Let me say right off that since I am not a daily reader of SDMB I stand to be corrected on this point. But why are there few if any Muslims posting in the Islam-related debates on this site?
The threads are too numerous to enurmerate, but, by way of example, here is a thread I started on Jan. 6 that is still running today. It has been viewed over 3,400 times and contains more than 140 postings.
People argue using extensive quotes from Hadiths and the Koran, but I have yet to see a posting from someone who self-identifies as a Muslim.
I have a theory as to why this may be. I believe our western concepts of freedom and democracy, so clearly illustrated by the free-wheeling and passionate debates on this SDMB, are simply weird to a person raised in Islamic culture.
Take the famous epithet “I disagree with what you say, but I will defend to the death your right to say it.” For people in western democracies, this is almost a secular prayer, one of the noblest expressions of the democratic spirit.
But if you read a book like the Koran, you experience a whole new ethos. There are many online English translations of the Koran, including this one.
Apart from the fact that it is unbelievably boring (at least the Bible has a few good myths like Noah’s Ark) it also manages to be unbelievably violent. Every other page seems to contain a warning about how Allah will fry the ass of the unbelievers and how good Muslims must fight against them.
In other words, you are commanded by Allah to submit (“Islam” means submit) not debate. Right is what Allah says through his prophet.
My guess is that the average Muslim would probably look at a statement like “I disagree with what you say, but I will defend to the death your right to say it.” and be completely confused by this contradiction. It would seem completely illogical. If what the other says is true, then agree with him. If it is not true, then why would you defend his lies?

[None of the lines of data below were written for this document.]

Lemma ppart_eq0 c : ppart c = 0 <-> Zloc p c.
Proof.
split=> [c0 | cp]; first by have [_ _] := ppartP c; rewrite c0 subr0.
apply: (ppart_spec_uniq (ppartP c)); split; rewrite ?subr0 ?lexx ?ltr01 //.
by apply: Zinvp_int; rewrite rpred0.
Qed.

Lemma ppart_id y : 0 <= y < 1 -> Zinvp p y -> ppart y = y.
Proof.
move=> y01 yp; apply: (ppart_spec_uniq (ppartP y)).
by split; rewrite // subrr Zloc0.
Qed.

End PPart.

Lemma PG2_ppart_presentation p : prime p -> p <> 2%N ->
  [/\ is_hom_on Ghmul (PG p 2) QZadd (fun g => ppart p (gc g)),
      (forall g, PG p 2 g -> ZinvpZ p (ppart p (gc g))),
      (forall y, ZinvpZ p y -> exists g, PG p 2 g /\ ppart p (gc g) = y)
    & (forall g, PG p 2 g -> (ppart p (gc g) = 0 <-> PG p 3 g))].
Proof.
move=> p_prime p_neq2; split.
- by move=> g h /PG2_Gz_gc -> /PG2_Gz_gc ->; rewrite GzD ppart_fracD.
- by move=> g _; have [] := ppartP p_prime (gc g).
- move=> y [y01 yp]; exists (Gz y); split; last exact: ppart_id.
  apply: PG2_Gz => //; apply: Zinvp_Zloc yp => //.
  by apply/eqP => two_p; apply: p_neq2.
- move=> g g2; rewrite ppart_eq0 // PG3E //.
  by split=> [cp | [_ cp]].
Qed.

Unset Implicit Arguments.
(* Let $\mathcal B$ be a binomial class of reluctant functions and suppose there is a delta operator $\mathfrak d$ on $\mathbb Q[x]$ whose basic sequence $(p_n(x))_{n\ge0}$ satisfies $|F(S,X)|=p_n(|X|)$ whenever $|S|=n$ (for all finite disjoint $S,X$). Let $x$ be a positive integer, $n\ge0$, and $\mathcal Z=(z_i)_{i\ge0}$ a sequence of integers with $1\le z_0\le z_1\le\cdots\le z_{n-1}\le x$ (the remaining terms arbitrary). Then $$ord(z_0,\dots,z_{n-1})=t_n\big(x;\mathfrak d,(x-z_i)_{i\ge0}\big)=t_n\big(0;\mathfrak d,(-z_i)_{i\ge0}\big),$$ i.e. $t_n(0;\mathfrak d,-\mathcal Z)$ counts the reluctant functions in $\mathcal B$ from an $n$-element set to $\{1,\dots,x\}$ whose order statistics are bounded by $\mathcal Z$.
   Context: For finite disjoint sets $S,X$, a reluctant function from $S$ to $X$ is a map $f:S\to S\cup X$ such that for every $s\in S$ some iterate $f^k(s)$, $k\ge1$, lies in $X$; this element is the final image of $s$. A binomial class $\mathcal B$ assigns to each pair $(S,X)$ of finite disjoint sets a set $F(S,X)$ of reluctant functions from $S$ to $X$, compatible with bijections of $S$ and $X$, such that for disjoint $X,Y$ the map $f\mapsto(f_A,f_{S\setminus A})$ ($A$ = elements whose final image is in $X$; restrictions) is a bijection from $F(S,X\cup Y)$ onto $\bigsqcup_{A\subseteq S}F(A,X)\times F(S\setminus A,Y)$. For $S=\{s_0,\dots,s_{n-1}\}$, $X=\{1,\dots,x\}$, $f\in F(S,X)$, let $x_i$ be the final image of $s_i$ and $x_{(0)}\le\cdots\le x_{(n-1)}$ its nondecreasing rearrangement; $ord(z_0,\dots,z_{n-1})$ is the number of $f\in F(S,X)$ with $x_{(j)}\le z_j$ for all $j$. A delta operator is a linear operator $\mathfrak d$ on $\mathbb Q[x]$ commuting with all shifts $f(x)\mapsto f(x+a)$ and with $\mathfrak d(x)$ a nonzero constant; its basic sequence is the unique $(p_n)$ with $\deg p_n=n$, $p_0=1$, $p_n(0)=0$ ($n\ge1$), $\mathfrak dp_n=np_{n-1}$. $t_n(x;\mathfrak d,\mathcal W)$ denotes the $n$-th term of the generalized Gončarov basis associated with $(\mathfrak d,\mathcal W)$ for a sequence $\mathcal W=(w_i)_{i\ge0}$: the unique sequence $(t_n)_{n\ge0}$ with $\deg t_n=n$ and $\mathfrak d^{\,i}(t_n)$ evaluated at $w_i$ equal to $n!\,\delta_{i,n}$ for all $i,n$. *)

From HB Require Import structures.
From mathcomp Require Import all_boot all_order all_algebra.
Set Implicit Arguments. Unset Strict Implicit. Unset Printing Implicit Defensive.
Import Order.TTheory GRing.Theory Num.Theory.
Definition opt_l0 (n m : nat) (J : 'I_m -> {set 'I_n}) (p : pexp)
  (f : vec n -> ereal) (Om : vec n -> Prop) (delta : R) (x : vec n) : Prop :=
  feasible f Om delta x /\
  forall y, feasible f Om delta y -> (l0 (G J p x) <= l0 (G J p y))%N.

Definition surrogate_obj (n m : nat) (J : 'I_m -> {set 'I_n}) (p : pexp)
  (phi : R -> ereal) (rho : R) (x : vec n) : R :=
  (rho * (\big[Rplus/0%R]_(k : 'I_m) G J p x k)
   - \big[Rplus/0%R]_(k : 'I_m) psi_star phi (rho * G J p x k))%R.

Definition opt_surrogate (n m : nat) (J : 'I_m -> {set 'I_n}) (p : pexp)
  (phi : R -> ereal) (rho : R)
  (f : vec n -> ereal) (Om : vec n -> Prop) (delta : R) (x : vec n) : Prop :=
  feasible f Om delta x /\
  forall y, feasible f Om delta y ->
    (surrogate_obj J p phi rho x <= surrogate_obj J p phi rho y)%R.

(* Write h(s) := s - psi^*(s), so that the surrogate objective is sum_k h(rho ||x_{J_k}||_p).
   Convexity of phi on [0,1] with phi(1) = 1 puts phi above its left tangent line at 1, which
   gives h(0) = 0, 0 < h(s) <= 1 for s > 0 and h(s) = 1 for s >= phi'_-(1).  Since
   rho alpha > phi'_-(1), the surrogate is squeezed between the number of blocks of norm at
   least alpha, which is at least s^* on the feasible set, and ||G(x)||_0.  Hence both problems
   have optimal value s^*, and a feasible point of surrogate value s^* has no nonzero block
   below alpha, so its block support has size at most s^*. *)

From mathcomp Require Import all_boot.
From Stdlib Require Import Reals Lra ClassicalEpsilon Classical.
Open Scope R_scope.
Set Implicit Arguments.
Unset Strict Implicit.
Lemma horner_pbinom_N1 q a j : j`!%:R != 0 :> F ->
  q.[a] = -1 -> (pbinom q j).[a] = (-1) ^+ j.
Proof.
move=> fact_neq0 qa; rewrite /pbinom hornerZ horner_prod.
under eq_bigr do rewrite hornerD hornerN hornerC qa.
have -> : \prod_(i < j) (-1 - i%:R) = (-1) ^+ j * j`!%:R :> F.
  elim: j {fact_neq0} => [|j IH]; first by rewrite big_ord0 expr0 mul1r fact0.
  rewrite big_ord_recr /= IH factS natrM exprS -[j.+1%:R]natr1; ring.
by rewrite mulrC mulfK.
Qed.

End BinomialPolynomial.

Definition b1_gen {F : fieldType} (t : F) (M N : nat) : {poly F} :=
  (1 + t *: 'X) ^+ M * (1 + 'X) ^+ N.

Section GeneratingFunction.
Variables (F : fieldType) (t : F).

Lemma coef_linear_exp (u : F) M i :
  ((1 + u *: 'X) ^+ M)`_i = u ^+ i * 'C(M, i)%:R.
Proof.
elim: M i => [|M IH] [|i].
- by rewrite expr0 coef1 expr0 mulr1.
- by rewrite expr0 coef1 bin0n mulr0.
- rewrite exprS mulrDl mul1r -scalerAl coefD coefZ coefXM /= IH.
  by rewrite !bin0 !expr0 mulr0 addr0.
rewrite exprS mulrDl mul1r -scalerAl coefD coefZ coefXM /= !IH binS natrD exprS; ring.
Qed.

Lemma size_linear_exp_leq (u : F) n : (size ((1 + u *: 'X) ^+ n) <= n.+1)%N.
Proof.
have szL : (size (1 + u *: 'X)%R <= 2)%N.
  rewrite (leq_trans (size_polyD _ _)) // size_poly1 geq_max /=.
  by rewrite (leq_trans (size_scale_leq _ _)) ?size_polyX.
rewrite (leq_trans (size_poly_exp_leq _ _)) // ltnS; move: szL.
by case: (size _) => [|[|[|k]]] // _; rewrite /= ?mul0n ?mul1n.
Qed.

Lemma size_b1_gen_leq M N : (size (b1_gen t M N) <= M + N + 1)%N.
Proof.
have szM := size_linear_exp_leq t M.
have := size_linear_exp_leq 1 N; rewrite scale1r => szN.
rewrite (leq_trans (size_polyMleq _ _)) //.
by move: szM szN; move: (size ((1 + t *: 'X) ^+ M)) (size ((1 + 'X) ^+ N)); lia.
Qed.

Lemma mul_deriv_linear_exp (u : F) n :
  (1 + u *: 'X) * ((1 + u *: 'X) ^+ n)^`() = (u * n%:R) *: (1 + u *: 'X) ^+ n.
Proof.
rewrite deriv_exp derivD derivC derivZ derivX add0r alg_polyC.
case: n => [|n]; first by rewrite !mulr0n mulr0 mulr0 scale0r.
by rewrite -!mul_polyC polyCM polyC_natr -mulr_natl exprS /=; ring.
Qed.
Lemma perm_stableC (T : finType) (p : {perm T}) (A : {set T}) :
  {in A, forall x, p x \in A} -> {in ~: A, forall x, p x \in ~: A}.
Proof.
move=> pA x; rewrite !inE; apply: contra => pxA.
have imA : p @: A = A.
  apply/eqP; rewrite eqEcard card_imset ?leqnn ?andbT //; last exact: perm_inj.
  by apply/subsetP => _ /imsetP[y yA ->]; apply: pA.
by rewrite -imA mem_imset in pxA; last exact: perm_inj.
Qed.

Section Crossings.
Variable n : nat.
Implicit Types (p q : 'S_n) (i : nat).

Definition crosses p i : bool := [exists x : 'I_n, (x <= i) && (i < p x)].

Lemma crossesC p i : crosses p i = [exists y : 'I_n, (i < y) && (p y <= i)].
Proof.
pose L := [set x : 'I_n | x <= i].
have inL x : (x \in L) = (x <= i) by rewrite inE.
have inCL x : (x \in ~: L) = (i < x) by rewrite !inE ltnNge.
apply/idP/idP; apply: contraLR => /existsPn no_cross; apply/existsPn => x.
- have stable : {in ~: L, forall y, p y \in ~: L}.
    by move=> y; rewrite !inCL => y_i; move: (no_cross y); rewrite y_i -ltnNge.
  have := perm_stableC stable (x := x); rewrite setCK !inL => stab.
  by apply/negP => /andP[/stab]; rewrite leqNgt => /negbTE->.
- have stable : {in L, forall y, p y \in L}.
    by move=> y; rewrite !inL => y_i; move: (no_cross y); rewrite y_i -leqNgt.
  have := perm_stableC stable (x := x); rewrite !inCL => stab.
  by apply/negP => /andP[/stab]; rewrite ltnNge => /negbTE->.
Qed.
(* The vertices visited by a simple Hamiltonian path in convex position always
   form an arc, so lifting the labels from Z_(2m-1) to Z turns the path into a
   walk that grows an integer interval by one at either end at each step.  Up to
   a shift and the mirror symmetry x |-> m - x, the walk starts at or left of
   alpha and its final interval reaches m - delta - 1 (otherwise its first or
   last step runs along the boundary path <alpha, ..., m - delta> of B).  A walk
   avoiding B never steps along the boundary path, so each new right end r is
   reached by a jump from the current left end x, after which the walk moves on
   to x - 1; hence the sums r + x do not increase as r grows.  For r = i + eps_i
   the chord [i-1-eps_i, i+eps_i] of B forbids the values 2i-1 and 2i of r + x,
   which pushes the sum down to at most 0 near the left end; symmetrically the
   chords [m-j-xi_j, m-j+1+xi_j] push it up to at least 2 near the right end, a
   contradiction.  Minimality: the 2m-1 zigzag paths c, c+1, c-1, c+2, c-2, ...
   are simple and any edge lies on at most two of them, so a set of edges meeting
   all of them has at least m elements. *)

From mathcomp Require Import all_boot all_order all_algebra zify.
Set Implicit Arguments. Unset Strict Implicit. Unset Printing Implicit Defensive.
Import GRing.Theory Num.Theory.
Local Open Scope ring_scope.

(** * Residues modulo N *)

Definition congz (N x y : int) : Prop := exists c : int, x = y + c * N.

Lemma congz_refl N x : congz N x x.
Proof. by exists 0; lia. Qed.

Lemma mulz_cases (N d : int) : 0 < N ->
  [\/ d * N = 0, d * N = N \/ d * N = - N, 2 * N <= d * N | d * N <= - (2 * N)].
Proof.
move=> N_gt0; have [d_le|[d_eq|d_ge]] : d <= -2 \/ -1 <= d <= 1 \/ 2 <= d by lia.
- apply: Or44; have : 2 * N <= - d * N by rewrite ler_pM2r //; lia.
  by rewrite mulNr; lia.
- have [->|[->|->]] : d = -1 \/ d = 0 \/ d = 1 by lia.
  + by apply: Or42; right; rewrite mulN1r.
  + by apply: Or41; rewrite mul0r.
  + by apply: Or42; left; rewrite mul1r.
- by apply: Or43; rewrite ler_pM2r.
Qed.

Lemma congz_window N a b : 0 < N -> congz N a b -> a - N < b < a + N -> a = b.
Proof. by move=> N_gt0 [c ->]; case: (mulz_cases c N_gt0); lia. Qed.

Definition zres (N z : int) : nat := absz (z %% N)%Z.

Lemma zresE N z : 0 < N -> (zres N z)%:Z = (z %% N)%Z.
Proof. by move=> N_gt0; rewrite /zres gez0_abs // modz_ge0 // lt0r_neq0. Qed.

Lemma zres_lt N z : 0 < N -> (zres N z)%:Z < N.
Proof. by move=> N_gt0; rewrite zresE // ltz_pmod. Qed.

Lemma zres_congz N z : 0 < N -> congz N z (zres N z).
Proof. by move=> N_gt0; exists (z %/ N)%Z; rewrite zresE // addrC -divz_eq. Qed.

Lemma zresDmul N z c : zres N (z + c * N) = zres N z.
Proof. by rewrite /zres addrC modzMDl. Qed.

Lemma congz_zres N a b : congz N a b -> zres N a = zres N b.
Proof. by move=> [c ->]; rewrite zresDmul. Qed.

Lemma zres_small N z : 0 <= z < N -> (zres N z)%:Z = z.
Proof. by move=> z_bd; rewrite zresE ?modz_small //; lia. Qed.

Lemma zres_eq_congz N a b : 0 < N -> zres N a = zres N b -> congz N a b.
Proof.
move=> N_gt0 eq_ab; have [c Ea] := zres_congz a N_gt0; have [d Eb] := zres_congz b N_gt0.
by exists (c - d); rewrite Ea Eb eq_ab mulrBl; lia.
Qed.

I recently read a magazine article about the serious backwardness of the Muslim world in science and industry. A devout Muslim educator in Egypt said to the interviewer, “We know there is a theory of Evolution but we cannot just let people say that the story of Adam and Eve is a lie when we have proof that it is true.”
“You do???” asked the interviewer, astounded. “Where?”
“Why, in the Koran” replied the educator incredulously, holding up the book and looking at the westerner as if he had just said he had never heard of Newtonian Physics.
I believe that the scracity of Muslim participants on these boards may have something to do with their inability to understand the values that underlie debate in the West.